The panel also convicted Gosnell of infanticide, racketeering and more than 200 counts of violating Pennsylvania's abortion

laws by performing third-term abortions or failing to counsel women 24 hours in advance.

Court officials kept the courtroom locked

for more than 30 minutes as the verdicts were read and jurors were

polled individually.

Prosecutors described Gosnell's employees as

nearly as desperate as the patients. Some had little or no medical

training,

and at least one was a teenager still in high school. One woman

needed the work to support her children after her husband's

murder.

Stephen Massof, an unlicensed medical school graduate who could not find a residency, told jurors that Gosnell taught him

how to snip babies' spines, something he then did at least 100 times at the clinic.

"I felt like a fireman in hell," Massof testified. "I couldn't put out all the fires."

Gosnell still faces federal drug charges. Authorities said that he ranked third in the state for OxyContin prescriptions and

that he left blank prescription pads at his office and let staff members make them out to cash-paying patients.

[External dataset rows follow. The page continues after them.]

(* Let $G$ be a finite simple graph with $n$ vertices $v_1,\dots,v_n$, let $\bar{\bar{d}}=\sqrt{\frac{d(v_1)^2+\cdots+d(v_n)^2}{n}}$, and let $\omega(G)$ be the clique number of $G$. Suppose $$\omega(G)=\frac{n}{n-\bar{\bar{d}}}.$$ Then $G$ is a regular complete $\omega(G)$-partite graph (i.e. a complete $\omega(G)$-chromatic graph which is regular, so its $\omega(G)$ parts all have size $n/\omega(G)$).
   Context: All graphs are finite, undirected, without loops or multiple edges; $d(v)$ denotes the degree of vertex $v$. *)

From HB Require Import structures.
From mathcomp Require Import all_boot all_order all_algebra.
From mathcomp Require Import reals.
Set Implicit Arguments. Unset Strict Implicit. Unset Printing Implicit Defensive.
Import Order.TTheory GRing.Theory Num.Theory.

Definition simple_graph (T : finType) (e : rel T) : Prop :=
  symmetric e /\ irreflexive e.

Definition deg (T : finType) (e : rel T) (v : T) : nat := #|[set w | e v w]|.

Definition is_clique (T : finType) (e : rel T) (A : {set T}) : bool :=
  [forall x in A, forall y in A, (x != y) ==> e x y].

Definition clique_number (T : finType) (e : rel T) : nat :=
  \max_(A : {set T} | is_clique e A) #|A|.

Definition complete_multipartite (T : finType) (e : rel T) (k : nat) : Prop :=
  exists f : T -> 'I_k,
    (forall i : 'I_k, exists x : T, f x = i) /\
    (forall x y : T, e x y = (f x != f y)).

Definition regular_graph (T : finType) (e : rel T) : Prop :=
  forall v w : T, deg e v = deg e w.

Definition quad_mean_deg (R : realType) (T : finType) (e : rel T) : R :=
  Num.sqrt ((\sum_(v : T) ((deg e v)%:R ^+ 2)) / (#|T|%:R)).

(* Write k for the clique number, n for the order and q for the quadratic mean
   of the degrees, so that the hypothesis reads k q = (k - 1) n.  The
   Motzkin-Straus inequality x^T A x <= (1 - 1/k) (sum x)^2 (x >= 0), together
   with Cauchy-Schwarz, gives Wilf's bound |w^T A w| <= (1 - 1/k) n |w|^2.
   Evaluated at q 1 + d and q 1 - d, whose forms differ by 4 q |d|^2 = 4 q n q^2,
   the bound is forced to be an equality at q 1 + d, hence so is Cauchy-Schwarz
   and the degree vector d is constant.  A k-clique-bounded graph all of whose
   degrees equal (1 - 1/k) n is extremal for Turan's theorem: splitting off the
   neighbourhood of a vertex, an induction on k shows that non-adjacency is
   transitive, and the parts are cut out by a maximum clique. *)

From HB Require Import structures.
From mathcomp Require Import all_boot all_order all_algebra.
From mathcomp Require Import reals.
From mathcomp Require Import ring lra zify.
Import Order.TTheory GRing.Theory Num.Theory.
Set Implicit Arguments. Unset Strict Implicit. Unset Printing Implicit Defensive.

Section Cliques.
Variables (T : finType) (e : rel T).

Lemma is_clique_set1 x : is_clique e [set x].
Proof.
apply/forall_inP => a /set1P->; apply/forall_inP => b /set1P->.
by rewrite eqxx.
Qed.

Lemma is_clique_setU1 (A : {set T}) v : symmetric e -> is_clique e A ->
  (forall w, w \in A -> e v w) -> is_clique e (v |: A).
Proof.
move=> sym_e /forall_inP cliA adjv.
apply/forall_inP => x /setU1P[->|xA]; apply/forall_inP => y /setU1P[->|yA];
  apply/implyP => xy.
- by rewrite eqxx in xy.
- exact: adjv.
- by rewrite sym_e adjv.
- by move/forall_inP/(_ y yA)/implyP: (cliA x xA); apply.
Qed.

Lemma card_le_clique_number (A : {set T}) : is_clique e A -> #|A| <= clique_number e.
Proof. exact: (@leq_bigmax_cond _ (is_clique e) (fun A => #|A|)). Qed.

Lemma exists_max_clique :
  exists2 C : {set T}, is_clique e C & #|C| = clique_number e.
Proof.
have [|C cliC maxC] := eq_bigmax_cond (fun A : {set T} => #|A|) (A := is_clique e).
  by apply/card_gt0P; exists set0; apply/forall_inP => x; rewrite inE.
by exists C; last exact: esym maxC.
Qed.

Lemma clique_number_gt0 (x : T) : 0 < clique_number e.
Proof. by have := card_le_clique_number (is_clique_set1 x); rewrite cards1. Qed.

End Cliques.

Section Turan.
Variables (T : finType) (e : rel T).
Hypotheses (sym_e : symmetric e) (irr_e : irreflexive e).

Definition deg_in (S : {set T}) v := #|[set w in S | e v w]|.

Definition clique_bounded k (S : {set T}) :=
  forall A : {set T}, A \subset S -> is_clique e A -> #|A| <= k.

(* Turan's degree condition [deg_in S v >= (1 - 1/(j+1)) #|S|], without division *)
Definition turan_dense j (S : {set T}) :=
  forall v, v \in S -> #|S| * j <= deg_in S v * j.+1.

Definition nonadj_transitive (S : {set T}) :=
  forall x y z, x \in S -> y \in S -> z \in S -> ~~ e x y -> ~~ e y z -> ~~ e x z.

Definition has_clique k (S : {set T}) :=
  exists A : {set T}, [/\ A \subset S, is_clique e A & #|A| = k].

Lemma deg_in_setT v : deg_in [set: T] v = deg e v.
Proof. by apply: eq_card => w; rewrite !inE. Qed.

Lemma deg_in_le (S : {set T}) v : deg_in S v <= #|S|.
Proof. by apply/subset_leq_card/subsetP => w; rewrite inE => /andP[]. Qed.

Lemma deg_inD (S N : {set T}) v :
  N \subset S -> deg_in S v = deg_in N v + deg_in (S :\: N) v.
Proof.
move=> NS; rewrite /deg_in -(cardsID N [set w in S | e v w]).
by congr (_ + _); apply: eq_card => w; rewrite !inE; have := subsetP NS w;
  case: (w \in N); case: (w \in S); case: (e v w) => // /(_ isT).
Qed.

Lemma turan_extremal0 (S : {set T}) : clique_bounded 1 S ->
  [/\ forall v, v \in S -> deg_in S v * 1 = #|S| * 0, nonadj_transitive S
    & S != set0 -> has_clique 1 S].
Proof.
move=> bS; have noedge x y : x \in S -> y \in S -> ~~ e x y.
  move=> xS yS; apply/negP => exy; have xy : x != y by apply: contraTneq exy => ->; rewrite irr_e.
  have cli : is_clique e [set x; y].
    by apply: is_clique_setU1 (is_clique_set1 _ _) _ => // w /set1P->.
  by have := bS _ _ cli; rewrite cards2 xy subUset !sub1set xS yS => /(_ isT).
split=> [v vS|x y z xS _ zS _ _|/set0Pn[v vS]]; last 2 first.
- exact: noedge.
- by exists [set v]; rewrite sub1set vS cards1 is_clique_set1.
rewrite muln1 muln0; apply/eqP; rewrite cards_eq0; apply/eqP/setP => w; rewrite !inE.
by apply/negbTE/andP => -[wS]; apply/negP; apply: noedge.
Qed.

Section TuranStep.
Variables (j : nat) (S : {set T}) (v0 : T).
Hypotheses (v0S : v0 \in S) (boundS : clique_bounded j.+2 S)
  (denseS : turan_dense j.+1 S).

Local Notation N := [set w in S | e v0 w].
Local Notation Nc := (S :\: N).

Let subN : N \subset S.
Proof. by apply/subsetP => w; rewrite inE => /andP[]. Qed.

Let cardSN : #|S| = #|N| + #|Nc|.
Proof. by rewrite -(cardsID N S) (setIidPr subN). Qed.

Let v0Nc : v0 \in Nc.
Proof. by rewrite !inE v0S irr_e. Qed.

Lemma card_nonnbr_le : #|Nc| * j.+1 <= #|N|.
Proof. by have := denseS v0S; rewrite /deg_in cardSN; nia. Qed.

Lemma nbr_nonempty : N != set0.
Proof.
apply/set0Pn/card_gt0P; have := card_nonnbr_le.
have : 0 < #|Nc| by apply/card_gt0P; exists v0.
nia.
Qed.

Lemma nbr_clique_bounded : clique_bounded j.+1 N.
Proof.
move=> A AN cliA; have v0A : v0 \notin A.
  by apply: contraTN v0Nc => /(subsetP AN) v0N; rewrite inE v0N.
have := @boundS (v0 |: A); rewrite subUset sub1set v0S (subset_trans AN subN) cardsU1 v0A.
by apply=> //; apply: is_clique_setU1 => // w /(subsetP AN); rewrite inE => /andP[].
Qed.

Lemma nbr_dense : turan_dense j N.
Proof.
move=> u uN; have uS := subsetP subN u uN.
have := denseS uS; rewrite (deg_inD u subN) cardSN.
have := deg_in_le Nc u; set d := deg_in N u => cle dense.
have {cle dense} /(leq_mul (leqnn j.+1)) : #|N| * j.+1 <= d * j.+2 + #|Nc| by nia.
rewrite -(leq_pmul2l (ltn0Sn j.+1)); have := card_nonnbr_le; nia.
Qed.

(* the induction hypothesis, for the neighbourhood [N] of [v0] in [S] *)
Hypotheses (degN : forall u, u \in N -> deg_in N u * j.+1 = #|N| * j)
  (cliqueN : has_clique j.+1 N).

Lemma deg_nonnbr_full u : u \in N -> deg_in Nc u = #|Nc|.
Proof.
move=> uN; have uS := subsetP subN u uN.
have := denseS uS; have := degN uN; have := card_nonnbr_le.
rewrite (deg_inD u subN) cardSN; have := deg_in_le Nc u; nia.
Qed.

Lemma card_nbr : #|N| = #|Nc| * j.+1.
Proof.
have [u0 u0N] := set0Pn _ nbr_nonempty; have u0S := subsetP subN u0 u0N.
have := denseS u0S; have := degN u0N; have := card_nonnbr_le.
rewrite (deg_inD u0 subN) cardSN (deg_nonnbr_full u0N); nia.
Qed.

Lemma nbr_adj_nonnbr u w : u \in N -> w \in Nc -> e u w.
Proof.
move=> uN wNc; have sub : [set w in Nc | e u w] \subset Nc.
  by apply/subsetP => x /setIdP[].
move/(subset_cardP (deg_nonnbr_full uN))/(_ w): sub.
by rewrite wNc => /idP/setIdP[].
Qed.

Lemma nonnbr_indep w w' : w \in Nc -> w' \in Nc -> ~~ e w w'.
Proof.
move=> wNc w'Nc; have [[wS wN] [w'S w'N]] := (setDP wNc, setDP w'Nc).
apply/negP => eww'.
have [A [AN cliA cardA]] := cliqueN.
have notA x : x \notin N -> x \notin A by apply: contra => /(subsetP AN).
have ww' : w != w' by apply: contraTneq eww' => ->; rewrite irr_e.
have adjA x : x \in Nc -> forall a, a \in A -> e x a.
  by move=> xNc a /(subsetP AN) aN; rewrite sym_e nbr_adj_nonnbr.
have cli : is_clique e (w |: (w' |: A)).
  apply: is_clique_setU1 => //; first exact: is_clique_setU1 cliA (adjA _ w'Nc).
  by move=> a /setU1P[->//|]; apply: adjA.
have := @boundS _ _ cli; rewrite !subUset !sub1set wS w'S (subset_trans AN subN).
by rewrite !cardsU1 !inE negb_or ww' !notA // cardA ltnn => /(_ isT).
Qed.

Lemma turan_step_deg v : v \in S -> deg_in S v * j.+2 = #|S| * j.+1.
Proof.
move=> vS; rewrite (deg_inD v subN) cardSN card_nbr.
case: (boolP (v \in N)) => vN.
  by have := degN vN; rewrite deg_nonnbr_full // card_nbr; nia.
have vNc : v \in Nc by apply/setDP.
have -> : deg_in N v = #|N|.
  apply: eq_card => w; apply/setIdP/idP => [[]//|wN].
  by rewrite sym_e nbr_adj_nonnbr.
have -> : deg_in Nc v = 0.
  by apply: eq_card0 => w; apply/negbTE/setIdP => -[wNc]; apply/negP/nonnbr_indep.
by rewrite card_nbr; nia.
Qed.

Lemma nonadj_same_side x y :
  x \in S -> y \in S -> ~~ e x y -> (x \in N) = (y \in N).
Proof.
move=> xS yS; case: (boolP (x \in N)) => xN; case: (boolP (y \in N)) => yN //.
- by rewrite nbr_adj_nonnbr //; apply/setDP.
- by rewrite sym_e nbr_adj_nonnbr //; apply/setDP.
Qed.

Hypothesis transN : nonadj_transitive N.

Lemma turan_step_transitive : nonadj_transitive S.
Proof.
move=> x y z xS yS zS nxy nyz.
have xy := nonadj_same_side xS yS nxy; have yz := nonadj_same_side yS zS nyz.
case: (boolP (y \in N)) => yN; first by apply: transN nxy nyz; rewrite ?xy -?yz.
by apply: nonnbr_indep; apply/setDP; rewrite ?xy -?yz.
Qed.

Lemma turan_step_clique : has_clique j.+2 S.
Proof.
have [A [AN cliA cardA]] := cliqueN.
have v0A : v0 \notin A.
  by apply: contraTN v0Nc => /(subsetP AN) v0N; rewrite inE v0N.
exists (v0 |: A); rewrite subUset sub1set v0S (subset_trans AN subN) cardsU1 v0A cardA.
by split=> //; apply: is_clique_setU1 => // w /(subsetP AN) /setIdP[].
Qed.

End TuranStep.

Theorem turan_extremal j (S : {set T}) : clique_bounded j.+1 S -> turan_dense j S ->
  [/\ forall v, v \in S -> deg_in S v * j.+1 = #|S| * j, nonadj_transitive S
    & S != set0 -> has_clique j.+1 S].
Proof.
elim: j S => [|j IH] S bS dS; first exact: turan_extremal0.
have [->|/set0Pn[v0 v0S]] := eqVneq S set0; first by split=> // x; rewrite inE.
have [degN transN cliqueN] := IH _ (nbr_clique_bounded v0S bS) (nbr_dense v0S dS).
have cliN := cliqueN (nbr_nonempty v0S dS).
split=> [v||_].
- exact: turan_step_deg v0S bS dS degN cliN v.
- exact: turan_step_transitive v0S bS dS degN cliN transN.
- exact: turan_step_clique v0S cliN.
Qed.

End Turan.

Section Multipartite.
Variables (T : finType) (e : rel T).
Hypotheses (sym_e : symmetric e) (irr_e : irreflexive e).
Hypothesis nonadj_trans : nonadj_transitive e [set: T].

Let trans x y z : ~~ e x y -> ~~ e y z -> ~~ e x z.
Proof. exact: nonadj_trans. Qed.

Variable C : {set T}.
Hypotheses (cliC : is_clique e C) (cardC : #|C| = clique_number e).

He performed thousands of abortions over a

30-year career, some on patients as young as 13. Authorities said the

medical practice

alone netted him about $1.8 million a year, much of it in cash.

Authorities found $250,000 hidden in a bedroom when they searched

his house. Gosnell also owned a beach home and several rental

properties.

"He created an assembly line with no regard for these women whatsoever," Cameron said. "And he made money doing that."